▶ **What is required**
Two lines in the data below mark the range: the one with "Proof. by rewrite -scaleN1r bfMZ mulN1r. Qed." and the one with "Proof. by move=> Av0;". Return both, along with every line between them, exactly.

Segment Start: Data extract

(* Let $M,N\in\mathbb{R}^{(k+n)\times(k+n)}$ be symmetric, partitioned as $M=\begin{bmatrix} M_{11} & M_{12}\\ M_{12}^\top & M_{22}\end{bmatrix}$, $N=\begin{bmatrix} N_{11} & N_{12}\\ N_{12}^\top & N_{22}\end{bmatrix}$ with $M_{11},N_{11}\in\mathbb{R}^{k\times k}$ and $M_{22},N_{22}\in\mathbb{R}^{n\times n}$. Assume $M_{22}\le 0$, $N_{22}\le 0$ and $\ker N_{22}\subseteq\ker N_{12}$, and that there exists $\bar Z\in\mathbb{R}^{n\times k}$ with $\begin{bmatrix} I\\ \bar Z\end{bmatrix}^\top N\begin{bmatrix} I\\ \bar Z\end{bmatrix}>0$. Let $\mathcal{S}_N:=\{Z\in\mathbb{R}^{n\times k}\mid \begin{bmatrix} I\\ Z\end{bmatrix}^\top N\begin{bmatrix} I\\ Z\end{bmatrix}\ge 0\}$. Then $\begin{bmatrix} I\\ Z\end{bmatrix}^\top M\begin{bmatrix} I\\ Z\end{bmatrix}>0$ for all $Z\in\mathcal{S}_N$ if and only if there exist $\alpha\ge 0$ and $\beta>0$ such that $$M-\alpha N\ge\begin{bmatrix}\beta I & 0\\ 0 & 0\end{bmatrix}.$$
   Context: $I$ denotes the $k\times k$ identity. For symmetric matrices, $\ge 0$ means positive semidefinite, $>0$ positive definite, and $A\ge B$ means $A-B\ge0$. *)

From HB Require Import structures.
From mathcomp Require Import all_boot all_order all_algebra.
From mathcomp Require Import reals.
Set Implicit Arguments. Unset Strict Implicit. Unset Printing Implicit Defensive.
Import Order.TTheory GRing.Theory Num.Theory.
Local Open Scope ring_scope.

Definition sym_mx (R : realType) (m : nat) (A : 'M[R]_m) : Prop := A^T = A.

Definition psd (R : realType) (m : nat) (A : 'M[R]_m) : Prop :=
  forall v : 'cV[R]_m, 0 <= (v^T *m A *m v) 0 0.

Definition pd (R : realType) (m : nat) (A : 'M[R]_m) : Prop :=
  forall v : 'cV[R]_m, v != 0 -> 0 < (v^T *m A *m v) 0 0.

Definition IZ (R : realType) (k n : nat) (Z : 'M[R]_(n, k)) : 'M[R]_(k + n, k) :=
  col_mx 1%:M Z.

Definition qform (R : realType) (k n : nat) (N : 'M[R]_(k + n)) (Z : 'M[R]_(n, k))
  : 'M[R]_k := (IZ Z)^T *m N *m IZ Z.

Definition S_N (R : realType) (k n : nat) (N : 'M[R]_(k + n)) : 'M[R]_(n, k) -> Prop :=
  fun Z => psd (qform N Z).

(* The converse direction is a one-line computation on w = [v; Z v].  The direct
   direction goes in three steps, all phrased with the bilinear form
   bf A u v = u^T A v on column vectors.
   1. Pointwise positivity: if w = [x; y] with x <> 0 and w^T N w >= 0, then
      w^T M w > 0.  Take Z0 with N22 Z0 = -N12^T (it exists since
      ker N22 <= ker N12); then C := [I;Z0]^T N [I;Z0] > 0, and with
      c := x^T C x the rank-one update Z := Z0 + c^-1 (y - Z0 x) x^T C maps x
      to y and lies in S_N (by Cauchy-Schwarz for C).
   2. Uniform margin: the directions [0; d] with N22 d = 0 lie in the kernels
      of both N and M, so after projecting them away the set {w^T N w >= 0} is a
      closed cone on which w^T M w is positive away from 0; by compactness of its
      unit sphere, w^T M w >= beta |x|^2 there.
   3. The classical S-lemma (with the Slater point of N) applied to
      M - diag(beta I, 0) and N produces alpha. *)

From HB Require Import structures.
From mathcomp Require Import all_boot all_order all_algebra.
From mathcomp Require Import all_classical all_reals all_analysis.
From mathcomp Require Import lra ring.
Set Implicit Arguments. Unset Strict Implicit. Unset Printing Implicit Defensive.
Import Order.TTheory GRing.Theory Num.Theory numFieldNormedType.Exports.
Local Open Scope ring_scope.

Section ScalarQuadratics.
Variable R : realType.

Lemma nonneg_quad_linear_coef0 (b c : R) :
  (forall t, 0 <= 2 * t * b + t ^+ 2 * c) -> b = 0.
Proof.
move=> H; apply/eqP/negP => bn0.
pose d := `|c| + 1.
have d_gt0 : 0 < d by rewrite /d ltr_pwDr ?normr_ge0.
have c_le_d : c <= d by rewrite /d; have := ler_norm c; lra.
have value : 2 * (- b / d) * b + (- b / d) ^+ 2 * c = (b ^+ 2 / d ^+ 2) * (c - 2 * d).
  by field; rewrite gt_eqF.
have coef_gt0 : 0 < b ^+ 2 / d ^+ 2.
  apply: divr_gt0; last by rewrite exprn_gt0.
  by rewrite lt_def sqr_ge0 andbT sqrf_eq0; apply/negP.
have : (b ^+ 2 / d ^+ 2) * (c - 2 * d) < 0 by rewrite pmulr_rlt0 //; lra.
by have := H (- b / d); rewrite value; lra.
Qed.

Lemma pos_quad_nonpos_lead (a b c : R) :
  (forall t, 0 < a + 2 * t * b + t ^+ 2 * c) -> c <= 0 -> c = 0 /\ b = 0.
Proof.
move=> H c_le0.
have c0 : c = 0.
  apply/eqP; rewrite eq_le c_le0 /= leNgt; apply/negP => c_lt0.
  pose s := (`|a| + 1) / (- c) + 1.
  have s_ge1 : 1 <= s by rewrite /s lerDr divr_ge0 // ?addr_ge0 ?normr_ge0 //; lra.
  have cs : c * s = - (`|a| + 1) + c.
    by rewrite /s mulrDr mulr1; congr (_ + _); field; rewrite lt_eqF.
  have s_le_s2 : s <= s ^+ 2 by rewrite expr2; nra.
  have : c * s ^+ 2 <= c * s by nra.
  have := H s; have := H (- s); have := ler_norm a; have := ler_norm (- a).
  rewrite normrN; nra.
split => //; apply/eqP/negP => bn0.
have := H (- (`|a| + 1) / (2 * b)); rewrite c0 expr2 mulr0 addr0.
have -> : 2 * (- (`|a| + 1) / (2 * b)) * b = - (`|a| + 1) by field; apply/negP.
by have := ler_norm a; lra.
Qed.

(* If G(s,t) = a s^2 + 2 b s t + c t^2 takes both
   signs (a > 0 > c) and G >= 0 implies F >= 0 for F(s,t) = p s^2 + 2 q s t + r t^2,
   then r a - p c >= 0: evaluate F at the two isotropic directions (s_i, a) of G,
   with s_1 > 0 > s_2, and combine with the positive weights -s_2 and s_1. *)
Lemma plane_slemma (a b c p q r : R) : 0 < a -> c < 0 ->
  (forall s t, 0 <= a * s ^+ 2 + 2 * b * s * t + c * t ^+ 2 ->
               0 <= p * s ^+ 2 + 2 * q * s * t + r * t ^+ 2) ->
  0 <= r * a - p * c.
Proof.
move=> a_gt0 c_lt0 H.
pose D := b ^+ 2 - a * c.
have D_gt0 : 0 < D by rewrite /D; nra.
pose sd := Num.sqrt D.
have sd2 : sd ^+ 2 = D by rewrite /sd sqr_sqrtr // ltW.
have sd_ge0 : 0 <= sd by rewrite /sd sqrtr_ge0.
have sd_gtb : `|b| < sd.
  rewrite ltNge; apply/negP => h.
  have : sd ^+ 2 <= `|b| ^+ 2 by rewrite !expr2; nra.
  by rewrite sd2 /D real_normK ?num_real //; nra.
have := ler_norm b; have := ler_norm (- b); rewrite normrN => nb1 nb2.
pose s1 := - b + sd; pose s2 := - b - sd.
have isotropic s : s = s1 \/ s = s2 -> a * s ^+ 2 + 2 * b * s * a + c * a ^+ 2 = 0.
  have -> : a * s ^+ 2 + 2 * b * s * a + c * a ^+ 2 = a * ((s + b) ^+ 2 - D).
    by rewrite /D; ring.
  case=> ->; [have -> : s1 + b = sd by rewrite /s1; ring
             | have -> : s2 + b = - sd by rewrite /s2; ring];
  by rewrite ?sqrrN sd2 subrr mulr0.
have F1 : 0 <= p * s1 ^+ 2 + 2 * q * s1 * a + r * a ^+ 2.
  by apply: H; rewrite isotropic //; left.
have F2 : 0 <= p * s2 ^+ 2 + 2 * q * s2 * a + r * a ^+ 2.
  by apply: H; rewrite isotropic //; right.
have key : (s1 - s2) * a * (r * a - p * c) =
   - s2 * (p * s1 ^+ 2 + 2 * q * s1 * a + r * a ^+ 2) +
     s1 * (p * s2 ^+ 2 + 2 * q * s2 * a + r * a ^+ 2) -
   (s1 - s2) * p * (sd ^+ 2 - D).
  by rewrite /s1 /s2 /D; ring.
rewrite sd2 subrr mulr0 subr0 in key.
have weight_gt0 : 0 < (s1 - s2) * a by apply: mulr_gt0 => //; rewrite /s1 /s2; lra.
have : 0 <= (s1 - s2) * a * (r * a - p * c).
  by rewrite key; apply: addr_ge0; apply: mulr_ge0 => //; rewrite /s1 /s2; lra.
by rewrite pmulr_rge0.
Qed.

End ScalarQuadratics.

Section BilinearForm.
Variables (R : realType) (p : nat).
Implicit Types (A B : 'M[R]_p) (u v : 'cV[R]_p).

Definition bf A u v : R := (u^T *m A *m v) 0 0.

Lemma bfDl A u1 u2 v : bf A (u1 + u2) v = bf A u1 v + bf A u2 v.
Proof. by rewrite /bf linearD /= !mulmxDl mxE. Qed.

Lemma bfDr A u v1 v2 : bf A u (v1 + v2) = bf A u v1 + bf A u v2.
Proof. by rewrite /bf !mulmxDr mxE. Qed.

Lemma bfZl A s u v : bf A (s *: u) v = s * bf A u v.
Proof. by rewrite /bf linearZ /= -!scalemxAl mxE. Qed.

Lemma bfZr A s u v : bf A u (s *: v) = s * bf A u v.
Proof. by rewrite /bf -!scalemxAr mxE. Qed.

Lemma bf0l A v : bf A 0 v = 0.
Proof. by rewrite /bf linear0 !mul0mx mxE. Qed.

Lemma bfMD A B u v : bf (A + B) u v = bf A u v + bf B u v.
Proof. by rewrite /bf mulmxDr mulmxDl mxE. Qed.

Lemma bfMZ A s u v : bf (s *: A) u v = s * bf A u v.
Proof. by rewrite /bf -scalemxAr -scalemxAl mxE. Qed.

Lemma bfMN A u v : bf (- A) u v = - bf A u v.
Proof. by rewrite -scaleN1r bfMZ mulN1r. Qed.

Lemma bfMB A B u v : bf (A - B) u v = bf A u v - bf B u v.
Proof. by rewrite bfMD bfMN. Qed.

Lemma bf_mulr A u v : bf A u v = (u^T *m (A *m v)) 0 0.
Proof. by rewrite /bf mulmxA. Qed.

Lemma bf_ker A u v : A *m v = 0 -> bf A u v = 0.
Proof. by move=> Av0; rewrite bf_mulr Av0 mulmx0 mxE. Qed.

Lemma bf_tr A (r : 'rV[R]_p) : bf A r^T r^T = (r *m A *m r^T) 0 0.
Proof. by rewrite /bf trmxK. Qed.

Lemma bf_sym A u v : A^T = A -> bf A u v = bf A v u.
Proof.
move=> sA; rewrite /bf -[in LHS](trmxK (u^T *m A *m v)) mxE.
by rewrite !trmx_mul trmxK sA mulmxA.
Qed.

Lemma bf_expand2 A s t u v : A^T = A ->
  bf A (s *: u + t *: v) (s *: u + t *: v) =
  s ^+ 2 * bf A u u + 2 * s * t * bf A u v + t ^+ 2 * bf A v v.
Proof. by move=> sA; rewrite !bfDl !bfDr !bfZl !bfZr (bf_sym u v sA); ring. Qed.

Lemma bf_expand A u v : A^T = A ->
  bf A (u + v) (u + v) = bf A u u + 2 * bf A u v + bf A v v.
Proof. by move=> sA; rewrite !bfDl !bfDr (bf_sym v u sA); ring. Qed.

Lemma bf_expand_line A u v t : A^T = A ->
  bf A (u + t *: v) (u + t *: v) = bf A u u + 2 * t * bf A u v + t ^+ 2 * bf A v v.
Proof. by move=> sA; rewrite bf_expand // bfZr bfZl bfZr; ring. Qed.

Lemma dot_sumE u : (u^T *m u) 0 0 = \sum_i u i 0 ^+ 2.
Proof. by rewrite mxE; apply: eq_bigr => i _; rewrite !mxE expr2. Qed.

Lemma dot_ge0 u : 0 <= (u^T *m u) 0 0.
Proof. by rewrite dot_sumE; apply: sumr_ge0 => i _; exact: sqr_ge0. Qed.

Lemma dot_eq0 u : (u^T *m u) 0 0 = 0 -> u = 0.
Proof.
rewrite dot_sumE => /eqP; rewrite psumr_eq0 => [/allP u0|i _]; last exact: sqr_ge0.
apply/matrixP => i j; rewrite (ord1 j) mxE.
by have := u0 i (mem_index_enum i); rewrite sqrf_eq0 => /eqP.
Qed.

Lemma dot_gt0 u : u != 0 -> 0 < (u^T *m u) 0 0.
Proof.
move=> un0; rewrite lt_def dot_ge0 andbT; apply/eqP => u0.
by move/eqP: un0; apply; apply: dot_eq0.
Qed.

End BilinearForm.

Section LinearAlgebra.
Variable R : realType.

(* A psd form vanishing at v has v in the kernel of its matrix: the linear
   term of t |-> (v + t u)^T A (v + t u) must vanish, then take u = A v. *)
Lemma psd_kernel p (A : 'M[R]_p) v : A^T = A -> (forall u, 0 <= bf A u u) ->
  bf A v v = 0 -> A *m v = 0.
Proof.
move=> sA psdA Av0.
have orth u : bf A v u = 0.
  apply: (@nonneg_quad_linear_coef0 _ _ (bf A u u)) => t.
  by have := psdA (v + t *: u); rewrite bf_expand_line // Av0 add0r.
by apply: dot_eq0; have := orth (A *m v); rewrite bf_sym // bf_mulr mulmxA.
Qed.

Lemma ker_factor p q r (A : 'M[R]_(p, r)) (B : 'M[R]_(q, r)) :
  (forall v : 'cV_r, B *m v = 0 -> A *m v = 0) -> exists X, A = X *m B.
Proof.
move=> kerBA; apply/submxP; rewrite submxE; apply/eqP/matrixP => i j.
have : B *m col j (cokermx B) = 0 by rewrite colE mulmxA mulmx_coker mul0mx.
by move/kerBA; rewrite colE mulmxA -colE => /matrixP /(_ i 0); rewrite !mxE.
Qed.

Lemma sym_range_ker p (A : 'M[R]_p) (y : 'cV[R]_p) : A^T = A ->
  exists z d, y = A *m z + d /\ A *m d = 0.
Proof.
move=> sA; have [X AX] : exists X, A = X *m (A *m A).
  apply: ker_factor => v AAv0; apply: dot_eq0.
  by rewrite trmx_mul sA -mulmxA (mulmxA A A v) AAv0 mulmx0 mxE.
have AXt : A = A *m A *m X^T by rewrite -{1}sA {1}AX !trmx_mul sA.
exists (X^T *m y), (y - A *m (X^T *m y)); split; first by rewrite addrC subrK.
by rewrite mulmxBr !mulmxA -AXt subrr.
Qed.

Lemma psd_cauchy_schwarz p (C : 'M[R]_p) x v : C^T = C ->
  (forall u, 0 <= bf C u u) -> 0 < bf C x x ->
  bf C x v ^+ 2 <= bf C x x * bf C v v.
Proof.
move=> sC psdC Cx_gt0.
have := psdC (bf C x x *: v + (- bf C x v) *: x).
rewrite bf_expand2 // (bf_sym v x sC).
have -> : bf C x x ^+ 2 * bf C v v + 2 * bf C x x * - bf C x v * bf C x v +
    (- bf C x v) ^+ 2 * bf C x x = bf C x x * (bf C x x * bf C v v - bf C x v ^+ 2).
  by ring.
by rewrite pmulr_rge0 // subr_ge0.
Qed.

End LinearAlgebra.

Section SLemma.
Local Open Scope classical_set_scope.
Variables (R : realType) (p : nat).
Implicit Types (F G : 'M[R]_p) (u v w : 'cV[R]_p).

(* Restricting to the plane spanned by u (with G(u) > 0) and v (with G(v) < 0)
   and applying the planar S-lemma: F(v)/G(v) <= F(u)/G(u). *)
Lemma slemma_ratio F G u v : F^T = F -> G^T = G ->
  (forall w, 0 <= bf G w w -> 0 <= bf F w w) ->
  0 < bf G u u -> bf G v v < 0 ->
  0 <= bf F v v * bf G u u - bf F u u * bf G v v.
Proof.
move=> sF sG GF Gu_gt0 Gv_lt0.
apply: (plane_slemma (b := bf G u v) (q := bf F u v)) => // s t.
have := GF (s *: u + t *: v); rewrite !bf_expand2 //.
have reorder A : bf A u u * s ^+ 2 + 2 * bf A u v * s * t + bf A v v * t ^+ 2 =
   s ^+ 2 * bf A u u + 2 * s * t * bf A u v + t ^+ 2 * bf A v v by ring.
by rewrite !reorder.
Qed.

Segment End: Data extract

▶ **Your solution**
Proof. by rewrite -scaleN1r bfMZ mulN1r. Qed.

Lemma bfMB A B u v : bf (A - B) u v = bf A u v - bf B u v.
Proof. by rewrite bfMD bfMN. Qed.

Lemma bf_mulr A u v : bf A u v = (u^T *m (A *m v)) 0 0.
Proof. by rewrite /bf mulmxA. Qed.

Lemma bf_ker A u v : A *m v = 0 -> bf A u v = 0.
Proof. by move=> Av0; rewrite bf_mulr Av0 mulmx0 mxE. Qed.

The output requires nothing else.